The flying {capybara bone bolt} strikes The Goblin Thief in the upper body, tearing the muscle and tearing the hearth through the ({wolf leather cloak})!
A major artery in the heart has been opened by the attack!
The {capybara bone bolt] has lodged firmly in the wound!
Your hunter tore that heart not pierced. If I remember correctly then a pierced heart is a instakill but a torn heart causes massive bleeding.
I'm pretty sure the only true instakills in DF are loss of all brain function (if you dont' have tags that exempt it), having your head cut off (I do believe this is separate from brain damage oddly) and being bisected. No amount of damage to the heart could kill you in a single tick in game unless it caused you to lose all of your blood, and I don't know if that's even possible.
Do you actually know how long it takes to die, or at least pass out, from a heart wound?
You lose consciousness after about ten seconds, I believe. It's difficult to tell exactly how well that is represented in DF... anyone know how long a turn of combat in adventure mode is supposed to be?

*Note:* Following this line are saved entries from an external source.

Section BlockTriangular.
Variables (T : finType) (rows cols : seq {set T}) (nz : rel T).
Hypotheses (rows_partition : forall x, count (fun A : {set T} => x \in A) rows = 1)
           (cols_partition : forall x, count (fun A : {set T} => x \in A) cols = 1)
           (size_rows_cols : size rows = size cols)
           (card_rows_cols : forall i, i < size rows -> #|nth set0 rows i| = #|nth set0 cols i|)
           (nz_upper : forall r c, nz r c -> part_index rows r <= part_index cols c).

Lemma transversal_part_index (sg : T -> T) : injective sg -> (forall c, nz (sg c) c) ->
  forall c, part_index rows (sg c) = part_index cols c.
Proof.
move=> sg_inj nz_sg; apply: eq_leq_sum => [c|]; first exact: nz_upper.
have -> : \sum_c part_index rows (sg c) = \sum_r part_index rows r.
  by rewrite [RHS](reindex_inj sg_inj).
rewrite !sum_part_index // -size_rows_cols.
by apply: eq_bigr => i _; rewrite card_rows_cols.
Qed.

End BlockTriangular.

Lemma next_last (T : eqType) (x : T) s : uniq (x :: s) -> next (x :: s) (last x s) = x.
Proof. by move=> xs_uniq; rewrite next_nth mem_last index_last //= nth_default. Qed.

Lemma next_notin (T : eqType) (p : seq T) x : x \notin p -> next p x = x.
Proof. by move=> px; rewrite next_nth (negbTE px). Qed.

Lemma next_disjoint_inj (T : finType) (p q : seq T) :
  uniq p -> uniq q -> [disjoint p & q] ->
  injective (fun x => if x \in p then next p x else next q x).
Proof.
move=> p_uniq q_uniq pq x y.
have next_q_notin_p z : z \notin p -> next q z \notin p.
  move=> zp; have [zq|zq] := boolP (z \in q); last by rewrite next_notin.
  by rewrite (disjointFl pq) // mem_next.
case: ifP => xp; case: ifP => yp.
- exact: (can_inj (prev_next p_uniq)).
- by move=> nxy; have := next_q_notin_p _ (negbT yp); rewrite -nxy mem_next xp.
- by move=> nxy; have := next_q_notin_p _ (negbT xp); rewrite nxy mem_next yp.
- exact: (can_inj (prev_next q_uniq)).
Qed.

Lemma uniq_path_of_connect (T : finType) (r : rel T) x y : connect r x y ->
  exists p, [/\ path r x p, uniq (x :: p) & last x p = y].
Proof. by case/connectP=> p /shortenP[p' ? ? _] ->; exists p'. Qed.

Section SubRel.
Variables (T : finType) (e : rel T).

Lemma sub_rel_path_all (Z : {set T}) x p : path (sub_rel e Z) x p -> all (mem Z) p.
Proof. by elim: p x => //= y p IHp x /andP[/and3P[_ _ ->] /IHp]. Qed.

Lemma connect_sub_rel_subset (Z Z' : {set T}) a b : Z \subset Z' ->
  connect (sub_rel e Z) a b -> connect (sub_rel e Z') a b.
Proof.
move=> /subsetP ZZ'; apply: connect_sub => x y /and3P[xy xZ yZ].
by apply: connect1; rewrite /sub_rel /= xy !ZZ'.
Qed.

Lemma connect_sub_rel_upclosed (Z : {set T}) a b :
  (forall x y, connect e x y -> y \in Z -> x \in Z) ->
  b \in Z -> connect e a b -> connect (sub_rel e Z) a b.
Proof.
move=> Z_up bZ /connectP[p ab_path b_last]; rewrite {}b_last in bZ *.
elim: p a ab_path bZ => [|c p IHp] a /=; first by rewrite connect0.
case/andP=> ac cb_path bZ; apply: connect_trans (IHp c cb_path bZ).
have cZ : c \in Z := Z_up _ _ (path_connect cb_path (mem_last c p)) bZ.
by apply: connect1; rewrite /sub_rel /= ac cZ (Z_up _ _ (connect1 ac) cZ).
Qed.

End SubRel.

Section Network.
Variables (T : finType) (e : rel T) (n : nat) (iota : 'I_n -> T) (o : T).
Local Notation hH := (hH e iota o).
Local Notation simple_path := (simple_path e iota o).

Lemma is_self_entry_hH r c : is_self_entry (hH r c) = (c != o) && (r == c).
Proof.
rewrite /hH; have [->|_] /= := eqVneq c o; first by case: pickP.
have [->|rc] /= := eqVneq r c; first by rewrite eqxx.
by case: (e c r); rewrite /= ?(negbTE rc).
Qed.

Lemma nonzero_hH r c : c != o -> nonzero (hH r c) = (r == c) || e c r.
Proof. by move=> co; rewrite /hH (negbTE co); case: ifP. Qed.

Lemma nonzero_hH_input m : nonzero (hH (iota m) o).
Proof. by rewrite /hH eqxx; case: pickP => // /(_ m); rewrite eqxx. Qed.

Lemma simple_path_next_entry m s c : simple_path m s -> c \in iota m :: s ->
  nonzero (hH (next (iota m :: s) c) c).
Proof.
case/and3P=> s_path /eqP s_last s_uniq cp.
have [->|co] := eqVneq c o.
  by rewrite -[X in next _ X]s_last next_last // nonzero_hH_input.
pose e' := [rel a b | e a b || (a == o) && (b == iota m)].
have cycle_e' : cycle e' (iota m :: s).
  rewrite /= rcons_path s_last /= !eqxx orbT andbT.
  by apply: sub_path s_path => a b /= ->.
have := next_cycle cycle_e' cp; rewrite /= (negbTE co) orbF => c_next.
by rewrite nonzero_hH // c_next orbT.
Qed.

A turn of combat is also determined by the speed of the creature, so it's even more vague.
That's true, but I believe a single tick is supposed to be a second long in adventure mode. So, presumably a creature with standard speed, 1,000 agility and no encumbrance would get a turn once per second. Fort mode is completely crazy in timing, so that goblin probably ran for what amounted to about 12 hours of spewing blood from a heart wound.
Back to the topic at hand, I'm all for more realism. Broken bones are very effective at incapacitating from pain, but so far as I've seen pretty much no other injuries will ever cause enough pain to knock someone out, and of course, creatures are willing to fight on despite having lost three limbs and having most of their blood on the ground. I
think that will be improved in the next version actually.